Tuesday, November 15, 2022

Cloak & Dagger (not the Marvel one)

Put on your cloak, and grab your dagger

Cloak & Dagger? Stranger Things have titles...

What's it about?

Tonight's nostalgia pic is "Cloak & Dagger" (Universal Pictures, 1984). We're introduced to Jack Flack (Dabney Coleman) AKA "Agent X," a super-spy during the cold war with the Soviet Union that occupied much of the 20th century.

"Jack Flack always escapes!"

He's everything you could want in a hero: Clever, quick, deadly, with spy gadgets galore. But there's a catch…

Flack is the imaginary creation of Davey Osborne (Henry Thomas, after his debut as "Eliot" in "E.T. The Extra Terrestrial"), a kid who is coping with the loss of his mother by immersing himself in military role-playing and video games with his friends Kim (Christina Nigra) and mall game store owner Morris (William Forsythe).

Jack Flack is Davey's OP character

Pictured: Super friends!

When Morris sends Davey and Kim to pick up a product catalog from one of his suppliers, things take an unexpectedly deadly turn; Davey witnesses a murder, and the victim passes him a video game "tape" with a secret message.
"5200?! How the heck am I supposed to use this?!"
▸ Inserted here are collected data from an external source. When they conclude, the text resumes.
(* Let $P_1\subseteq P_2$ be meet semilattices with $0$ such that $P_1\subseteq P_2$ preserves finite covers and is tight, and let $Y=\bigcup_{x\in P_1}V^{P_2}_x\subseteq T(P_2)$. Then the image of $\mathcal T_c(P_1)$ in $\mathcal T_c(P_2)$ under $U\mapsto re^{-1}(U)$ is exactly the set of compact open subsets of $T(P_2)$ contained in $Y$.
   Context: A meet semilattice with $0$ is a meet semilattice with least element $0$; $P_1\subseteq P_2$ means an injective meet- and $0$-preserving map identifying $P_1$ with a subset of $P_2$. A filter of $P$ is a subset $F$ with $\emptyset\ne F\ne P$, closed upwards and under $\wedge$; $F(P)$ has the topology generated by $U_x=\{F:x\in F\}$, with basis of compact open sets $U_{(x:x_1,\dots,x_n)}=\{F:x\in F,\ x_1,\dots,x_n\notin F\}$. The tight filters $T(P)$ are the closure of the ultrafilters in $F(P)$; $V^P_{(x:x_1,\dots,x_n)}=U_{(x:x_1,\dots,x_n)}\cap T(P)$, $V^P_x=V^P_{(x:)}$. $\mathcal T_c(P)$ is the generalized Boolean algebra of compact open subsets of $T(P)$. A finite cover of $x\in P$ is a finite set of elements $\le x$ such that every $0\ne y\le x$ meets one of them nontrivially; $P_1\subseteq P_2$ preserves finite covers if every finite cover in $P_1$ of $x\in P_1$ is a finite cover of $x$ in $P_2$. In that case $re:T(P_2)\dashrightarrow T(P_1)$, $\xi\mapsto\xi\cap P_1$ (defined when nonempty), is a partial map to tight filters and $U\mapsto re^{-1}(U)$ is an injective generalized Boolean algebra morphism $\mathcal T_c(P_1)\to\mathcal T_c(P_2)$; $P_1\subseteq P_2$ is called tight if its image is an ideal (closed under unions and under intersection with arbitrary elements of $\mathcal T_c(P_2)$). *)

From HB Require Import structures.
From mathcomp Require Import all_boot all_order.
From mathcomp Require Import boolp classical_sets.
Set Implicit Arguments. Unset Strict Implicit. Unset Printing Implicit Defensive.
Import Order.Theory.
Local Open Scope classical_set_scope.
Local Open Scope order_scope.

Section Semilattice.
Context {d : Order.disp_t} (P : bMeetSemilatticeType d).

Definition is_filter (F : set P) : Prop :=
  [/\ F !=set0, F != setT,
      (forall x y : P, F x -> x <= y -> F y) &
      (forall x y : P, F x -> F y -> F (x `&` y))].

Definition is_ultrafilter (F : set P) : Prop :=
  is_filter F /\ forall G : set P, is_filter G -> F `<=` G -> G = F.

Definition basicU (x : P) (xs : seq P) : set (set P) :=
  [set F | is_filter F /\ F x /\ forall y, y \in xs -> ~ F y].

(* Tight filters: closure in F(P) of the set of ultrafilters
   (tested against the basis U_{(x:x_1..x_n)}). *)
Definition is_tight (F : set P) : Prop :=
  is_filter F /\
  forall (x : P) (xs : seq P), basicU x xs F ->
    exists G, is_ultrafilter G /\ basicU x xs G.

Definition tight : set (set P) := [set F | is_tight F].

(* Open subsets of T(P) in the subspace topology. *)
Definition openT (O : set (set P)) : Prop :=
  O `<=` tight /\
  forall F, O F -> exists (x : P) (xs : seq P),
      basicU x xs F /\ (basicU x xs `&` tight) `<=` O.

Definition compactT (K : set (set P)) : Prop :=
  K `<=` tight /\
  forall C : set (set (set P)), (forall O, C O -> openT O) ->
    K `<=` \bigcup_(O in C) O ->
    exists (n : nat) (Os : nat -> set (set P)),
      (forall i, (i < n)%N -> C (Os i)) /\
      (forall F, K F -> exists2 i, (i < n)%N & Os i F).

Definition Tc : set (set (set P)) := [set K | openT K /\ compactT K].

Definition finite_cover (x : P) (C : seq P) : Prop :=
  (forall c, c \in C -> c <= x) /\
  forall y : P, y != \bot -> y <= x -> exists2 c, c \in C & y `&` c != \bot.

End Semilattice.

Arguments tight {d} P _.
Arguments Tc {d} P _.

Section Inclusion.
Context {d1 d2 : Order.disp_t} (P1 : bMeetSemilatticeType d1)
        (P2 : bMeetSemilatticeType d2).

(* P1 ⊆ P2: injective meet- and 0-preserving map. *)
Definition semilattice_embedding (f : P1 -> P2) : Prop :=
  [/\ injective f, (forall x y, f (x `&` y) = f x `&` f y) & f \bot = \bot].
Of course, by the time he gets people to listen, the murderers have scrubbed the evidence. Taken home to his dad (also played by Dabney Coleman), Davey quickly learns that they bad guys know where he lives.
Dual roles for Dabney

Can Davey and his imaginary construct of Jack uncover the conspiracy, retrieve the top secret plans, and save the people they love from the cabal of spies that are gunning for them?

Lots to love

I love this movie. It's an adult spy thriller starring a child and his cheesy imaginary friend, and yet it still somehow remains gripping, thoughtful, and even a bit scary throughout. The acting is superb, even the worst actor in the film (a very young Christina Nigra) is absolutely hilarious and believable when she needs to be. The movie doesn't pull its punches: The consequences of violence are in full force, and even though the kids have "plot armor," the people around them are decidedly not immune. Things get quite emotional towards the end (for a multitude of reasons).
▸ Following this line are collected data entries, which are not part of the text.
(* Let $T=(T,\mu,\iota)$ be a normal lax double monad on an equipment $\mathcal K$. For horizontal morphism $K\colon C\nrightarrow D$ and vertical morphism $g\colon B\to D$, let $K(\mathrm{id},g)\colon C\nrightarrow B$ be a restriction of $K$ along $\mathrm{id}_C$ and $g$. If the cells $\iota_K$ and $\iota_{g^*}$ (where $g^*\colon D\nrightarrow B$ is the conjoint of $g$) satisfy the right Beck–Chevalley condition, then so does $\iota_{K(\mathrm{id},g)}$.
   Context: Double categories: a double category has objects, vertical morphisms (composition $\circ$), horizontal morphisms $J\colon A\nrightarrow B$ (composition $\odot$ in diagrammatic order, units $1_A$, weakly associative/unital) and cells with horizontal source $J\colon A\nrightarrow B$, horizontal target $K\colon C\nrightarrow D$, vertical sides $f\colon A\to C$, $g\colon B\to D$. A cell $\phi\colon J\Rightarrow K$ with sides $f,g$ is cartesian if every cell $H\Rightarrow K$ with sides $f\circ h,g\circ k$ factors uniquely through $\phi$ via a cell $H\Rightarrow J$ with sides $h,k$; then $J=K(f,g)$ is a restriction. Opcartesian cells dually. The companion $f_*=1_C(f,\mathrm{id})$ and conjoint $f^*=1_C(\mathrm{id},f)$ of $f\colon A\to C$; $f_*$ is equivalently given by an opcartesian cell $1_A\Rightarrow f_*$ with sides $\mathrm{id}_A,f$. An equipment has all companions and conjoints. A normal lax double monad $(T,\mu,\iota)$: a lax double functor $T\colon\mathcal K\to\mathcal K$ preserving vertical structure and horizontal units strictly and horizontal composition up to coherent compositor cells, with double transformations $\mu\colon T^2\Rightarrow T$, $\iota\colon\mathrm{id}\Rightarrow T$ satisfying the monad axioms; $\iota$ consists of vertical morphisms $\iota_A\colon A\to TA$ and cells $\iota_J\colon J\Rightarrow TJ$ with sides $\iota_A,\iota_B$, natural, compatible with compositors, $\iota_{1_A}=1_{\iota_A}$. Right Beck–Chevalley condition: for $J\colon A\nrightarrow B$, $\iota_{J*}\colon J\odot\iota_{B*}\Rightarrow\iota_{A*}\odot TJ$ is the horizontal composite of the opcartesian cell $1_A\Rightarrow\iota_{A*}$ (sides $\mathrm{id}_A,\iota_A$), $\iota_J$, and the cartesian cell $\iota_{B*}\Rightarrow 1_{TB}$ (sides $\iota_B,\mathrm{id}_{TB}$); $\iota_J$ satisfies the condition if $\iota_{J*}$ is invertible. *)

(* A (pseudo) double category is presented "algebraically": sorts of
   objects, vertical morphisms, horizontal morphisms and cells, with
   boundary maps, total composition operations and axioms that constrain
   them on composable inputs. *)

Record DCat := {
  ob : Type;
  ver : Type;
  vdom : ver -> ob; vcod : ver -> ob;
  vid : ob -> ver;
  vcomp : ver -> ver -> ver;        (* vcomp g f = g o f   (f first) *)
  hor : Type;
  hdom : hor -> ob; hcod : hor -> ob;
  hunit : ob -> hor;
  hcomp : hor -> hor -> hor;        (* hcomp J K = J (.) K, diagrammatic: J : A -|-> B, K : B -|-> C *)
  cell : Type;
  csrc : cell -> hor;
  ctgt : cell -> hor;
  cleft : cell -> ver;
  cright : cell -> ver;
  cid : hor -> cell;
  ccomp : cell -> cell -> cell;     (* ccomp phi psi : phi then psi (vertical composition) *)
  cunit : ver -> cell;
  chcomp : cell -> cell -> cell;    (* horizontal composition of cells (diagrammatic) *)
  assoc : hor -> hor -> hor -> cell;
  lunitor : hor -> cell;
  runitor : hor -> cell
}.
Theorem lemma4p5 (d : Order.disp_t) (V : finOrderType d) (E : {set V * V}) :
  loopless E ->
  is_sign_assignment (multipath E) (covers E) (@sigma_e d V).
Proof.
(* Loops need no separate treatment: [multipath_setU1_disconnected] already
   excludes them. *)
move=> _ x y y' z mx my my' mz [_ [_ [e1 [e1x yE]]]] [_ [_ [f1 [f1y zE]]]]
  [_ [_ [e2 [e2x y'E]]]] [_ [_ [f2 [f2y zE']]]] yy'; subst y y'.
have ne12 : e1 != e2 by apply: contra_not_neq yy' => ->.
have [? ?] := setU1_diamond ne12 e1x e2x (etrans (esym zE) zE'); subst f1 f2.
have mz12 : multipath E (e2 |: (e1 |: x)) by rewrite -zE.
have mz21 : multipath E (e1 |: (e2 |: x)) by rewrite -zE'.
have dis1 := multipath_setU1_disconnected mx my e1x.
have dis2 := multipath_setU1_disconnected mx my' e2x.
have dis12 := multipath_setU1_disconnected my mz12 f1y.
have dis21 := multipath_setU1_disconnected my' mz21 f2y.
have := comp_index_setU1_neq dis12; have := comp_index_setU1_neq dis21.
rewrite {1}zE zE' !sigma_e_setU1 //.
rewrite !(comp_index_setU1 dis1) !(comp_index_setU1 dis2).
move=> ne21 ne12'; apply: sigma_index_square ne12' ne21;
  exact: comp_index_setU1_neq.
Qed.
Not without problems, however

Is it perfect? Oh no. Not by a long shot. 

I got 5200 problems...

It's a bit funny that they were banking on the Atari 5200 and its notoriously defective controllers as the video game platform of choice in the film, as almost no one in the 80s owned one.
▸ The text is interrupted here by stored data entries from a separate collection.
Lemma assoc_kernel_bnd a b c Ma Mb Mc n : bnd a Ma -> bnd b Mb -> bnd c Mc ->
  bnd (assoc_kernel a b c n) (4 * Mc * (Ma * Mb)).
Proof. intros Ha Hb Hc l Hl.
  set (L1 := nodup eqd (map fst l)). set (L2 := nodup eqd (map snd l)).
  apply Rle_trans with (lsum (fun p => cnorm (assoc_kernel a b c n p)) (list_prod L1 L2)).
  { apply lsum_incl_le; [intros; apply cnorm_ge0|auto|apply NoDup_list_prod; apply NoDup_nodup|].
    intros [x y] Hxy. apply in_prod; apply nodup_In; apply in_map_iff; [exists (x,y)|exists (x,y)]; auto. }
  rewrite lsum_list_prod.
  assert (Hc0 : 0 <= Mc) by (eapply bnd_ge0; eauto).
  apply Rle_trans with (lsum (fun m => lsum (fun j => 4 * Mc * cnorm (a m) * cnorm (b j)) L2) L1).
  { apply lsum_le; intros m _; apply lsum_le; intros j _. unfold assoc_kernel; simpl.
    eapply Rle_trans; [apply cnorm_mul3|].
    pose proof (cnorm_conv_term b c (Z4sub n m) j) as Hbc.
    pose proof (bnd_pt c Mc (Z4sub (Z4sub n m) j) Hc).
    pose proof (cnorm_ge0 (a m)); pose proof (cnorm_ge0 (b j)).
    pose proof (cnorm_ge0 (c (Z4sub (Z4sub n m) j))).
    pose proof (cnorm_phase m (Z4sub n m)).
    assert (cnorm (conv_term b c (Z4sub n m) j) <= 2 * (cnorm (b j) * Mc)).
    { eapply Rle_trans; [apply Hbc|]. apply Rmult_le_compat_l; [lra|]. apply Rmult_le_compat_l; auto. }
    apply Rle_trans with (cnorm (a m) * (2 * (cnorm (b j) * Mc)) * 2); [|lra].
    apply Rmult_le_compat; [apply Rmult_le_pos; auto; apply cnorm_ge0|apply cnorm_ge0|
      apply Rmult_le_compat_l; auto|auto]. }
  rewrite (lsum_ext _ (fun m => (4 * Mc * cnorm (a m)) * lsum (fun j => cnorm (b j)) L2)).
  2: { intros; rewrite <- lsum_scal; apply lsum_ext; intros; ring. }
  pose proof (Hb L2 (NoDup_nodup _ _)). pose proof (bnd_ge0 b Mb Hb).
  apply Rle_trans with (lsum (fun m => 4 * Mc * Mb * cnorm (a m)) L1).
  { apply lsum_le; intros m _. pose proof (cnorm_ge0 (a m)).
    replace (4 * Mc * Mb * cnorm (a m)) with ((4 * Mc * cnorm (a m)) * Mb) by ring.
    apply Rmult_le_compat_l; auto. nra. }
  rewrite lsum_scal. pose proof (Ha L1 (NoDup_nodup _ _)).
  replace (4 * Mc * (Ma * Mb)) with (4 * Mc * Mb * Ma) by ring. apply Rmult_le_compat_l; nra. Qed.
I'm not going to lie: This game looks dope as hell.

The "Cloak & Dagger" game featured in the film is actually an arcade game named "Agent X" which was going to ported to the 5200 as "Cloak & Dagger," but it was 1984 when this movie came out, and if you know anything about video game history you know why this is problematic…

Smile, you're on tape

I've heard a lot of speculation online that the film mistakenly refers to video game cartridges as "tapes," and as a kid who played and rented video games in the 80s let me just say that is was common terminology at the time (in much the same way that all video games in the latter half of the 80s were collectively referred to as "Nintendo") and is in no way an inherent error by the screenwriters. I have many memories of my Dad taking us out for dinner on a Friday night, then stopping by the video store to rent a movie and a "Nintendo tape" for the weekend.

What's a pee-gee?

Is it appropriate for children? That's a tough call. It only has a PG rating, but note that it's a strong "80s PG." On the one hand it stars kids and does not in any way patronize them or pull its punches.


Typical 80s bad guy is... quite scary, actually.

Jack Flack is a cool character and his advice to Davey throughout the film is both humorous and exciting.

On the other hand, there is very realistic death and consequences in the film (with very little gore), and the bad guys are genuinely scary with descriptive threats of violence and the means to carry it out. This dichotomy makes it a tough call, but one should also consider that this film is firmly a product of the 1980s, meaning that the norms of the time were quite different in regards to unsupervised children,

"In my day, you'd be drafted into the war!"

and the "cutting edge" and "futuristic" technology of the time is incredibly dated by today's standards in a way that tech savvy kids might not be able to wrap their heads around.
Pictured: Cutting edge.

Where can I find it?

I watched "Cloak & Dagger" on DVD, but it is available to rent/buy on Amazon Prime Video, and nowhere else that I could find.